Saved data entries:
################

(* For every positive integer $n$, the number $A_n=\frac{8(10^{2^n}-1)}{9}$ (whose decimal representation consists of $2^n$ digits all equal to $8$) is a practical number.
   Context: A positive integer $N$ is called a practical number if every integer in $[1,N]$ can be expressed as a sum of distinct positive divisors of $N$. *)

From mathcomp Require Import all_boot.
Set Implicit Arguments. Unset Strict Implicit. Unset Printing Implicit Defensive.

(* A collection of distinct divisors is represented as a
   subsequence of the (duplicate-free, sorted) list [divisors N]. *)
Definition practical (N : nat) : Prop :=
  0 < N /\
  forall m : nat, 1 <= m <= N ->
    exists s : seq nat, subseq s (divisors N) /\ \sum_(d <- s) d = m.

Definition A (n : nat) : nat := 8 * (10 ^ (2 ^ n) - 1) %/ 9.

(* Call N 2-practical if every x < 2N is a sum of distinct divisors of N.
   If N is 2-practical and 0 < k <= 2N, then so is N k: write x = q k + r with
   r < k and q < 2N, represent r by divisors d of N and q by divisors e of N;
   the divisors d stay below k <= e k, so together with the e k they form a
   set of distinct divisors of N k summing to x.  Since
   A_(n+1) = A_n (10^(2^n) + 1) with 10^(2^n) + 1 <= 2 A_n, and A_0 = 8 = 2^3
   is 2-practical, every A_n is 2-practical, hence practical. *)
From mathcomp Require Import all_boot.
From mathcomp Require Import zify.

Definition divisor_sum (N x : nat) : Prop :=
  exists2 s : seq nat, uniq s /\ {subset s <= divisors N} & \sum_(d <- s) d = x.

Definition practical2 (N : nat) : Prop :=
  0 < N /\ forall x, x < 2 * N -> divisor_sum N x.

Lemma mem_leq_sum (s : seq nat) d : d \in s -> d <= \sum_(i <- s) i.
Proof.
elim: s => [|a s IH] //=; rewrite in_cons big_cons => /orP [/eqP->|/IH le_d].
  exact: leq_addr.
exact: leq_trans le_d (leq_addl _ _).
Qed.

Lemma divisors_gt0 N d : 0 < N -> d \in divisors N -> 0 < d.
Proof. by case: d => // N_gt0; rewrite -dvdn_divisors // dvd0n; case: N N_gt0. Qed.

Lemma divisor_sum_mul N k q r : 0 < N -> 0 < k -> r < k ->
  divisor_sum N r -> divisor_sum N q -> divisor_sum (N * k) (q * k + r).
Proof.
move=> N_gt0 k_gt0 r_lt_k [s1 [uniq_s1 sub_s1] sum_s1] [s2 [uniq_s2 sub_s2] sum_s2].
have Nk_gt0 : 0 < N * k by rewrite muln_gt0 N_gt0.
exists (s1 ++ [seq e * k | e <- s2]); first split.
- rewrite cat_uniq uniq_s1 map_inj_uniq ?uniq_s2 /=; last first.
    by move=> a b /eqP; rewrite eqn_pmul2r // => /eqP.
  rewrite andbT; apply/hasPn => _ /mapP [e /sub_s2/(divisors_gt0 _ _ N_gt0) e_gt0 ->].
  apply: contraTN (r_lt_k) => /mem_leq_sum; rewrite sum_s1 -leqNgt => le_ek.
  by apply: leq_trans le_ek; rewrite leq_pmull.
- move=> y; rewrite mem_cat -!dvdn_divisors //.
  case/orP => [/sub_s1 | /mapP [e /sub_s2 e_div ->]].
    by rewrite -dvdn_divisors // => /dvdn_mulr->.
  by rewrite dvdn_pmul2r // dvdn_divisors.
- by rewrite big_cat big_map /= -big_distrl /= sum_s1 sum_s2 addnC.
Qed.

Lemma practical2_mul N k : practical2 N -> 0 < k <= 2 * N -> practical2 (N * k).
Proof.
move=> [N_gt0 repN] /andP [k_gt0 k_le]; split=> [|x x_lt]; first by rewrite muln_gt0 N_gt0.
have r_lt_k := ltn_pmod x k_gt0.
rewrite (divn_eq x k); apply: divisor_sum_mul => //; apply: repN.
  exact: leq_trans r_lt_k k_le.
by rewrite ltn_divLR // -mulnA.
Qed.

Lemma practical2_1 : practical2 1.
Proof.
split=> // -[_ | [_ | //]]; first by exists [::]; rewrite ?big_nil.
by exists [:: 1]; rewrite ?big_seq1 //; split=> // d; rewrite inE => /eqP ->.
Qed.

Lemma practical2_exp2 m : practical2 (2 ^ m).
Proof.
elim: m => [|m IH]; first exact: practical2_1.
by rewrite expnSr; apply: practical2_mul; rewrite // leq_pmulr ?expn_gt0.
Qed.

Lemma practical2_practical N : practical2 N -> practical N.
Proof.
move=> [N_gt0 repN]; split=> // m /andP [_ m_le].
have [s [uniq_s sub_s] <-] := repN m (leq_ltn_trans m_le (ltn_Pmull (isT : 1 < 2) N_gt0)).
exists [seq d <- divisors N | d \in s]; split; first exact: filter_subseq.
apply/perm_big/uniq_perm => [||y]; rewrite ?filter_uniq ?divisors_uniq //.
by rewrite mem_filter andb_idr // => /sub_s.
Qed.

Lemma dvdn_pow10_sub1 m : 9 %| 10 ^ m - 1.
Proof. by rewrite -eqn_mod_dvd ?expn_gt0 // -modnXm exp1n. Qed.

Lemma A_mul9 n : 9 * A n = 8 * (10 ^ 2 ^ n - 1).
Proof. by rewrite /A -muln_divA ?dvdn_pow10_sub1 // mulnCA [9 * _]mulnC divnK ?dvdn_pow10_sub1. Qed.

Lemma A_S n : A n.+1 = A n * (10 ^ 2 ^ n + 1).
Proof.
apply/eqP; rewrite -(eqn_pmul2l (isT : 0 < 9)) mulnA !A_mul9 expnS mul2n -addnn expnD.
have : 0 < 10 ^ 2 ^ n by rewrite expn_gt0.
move: (10 ^ 2 ^ n) => t t_gt0; apply/eqP; nia.
Qed.

Lemma pow10_le_2A n : 10 ^ 2 ^ n + 1 <= 2 * A n.
Proof.
have : 10 <= 10 ^ 2 ^ n by rewrite -{1}(expn1 10) leq_exp2l // expn_gt0.
have := A_mul9 n; lia.
Qed.

Theorem mainTheorem9 (n : nat) : 0 < n -> practical (A n).
Proof.
move=> _; apply: practical2_practical.
elim: n => [|n IH]; first exact: (practical2_exp2 3).
by rewrite A_S; apply: practical2_mul; rewrite // pow10_le_2A andbT addn1.
Qed.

################

Task brief: Determine the number of lines in the data that include the string "with". Only that number belongs in the answer.

Task solution: 3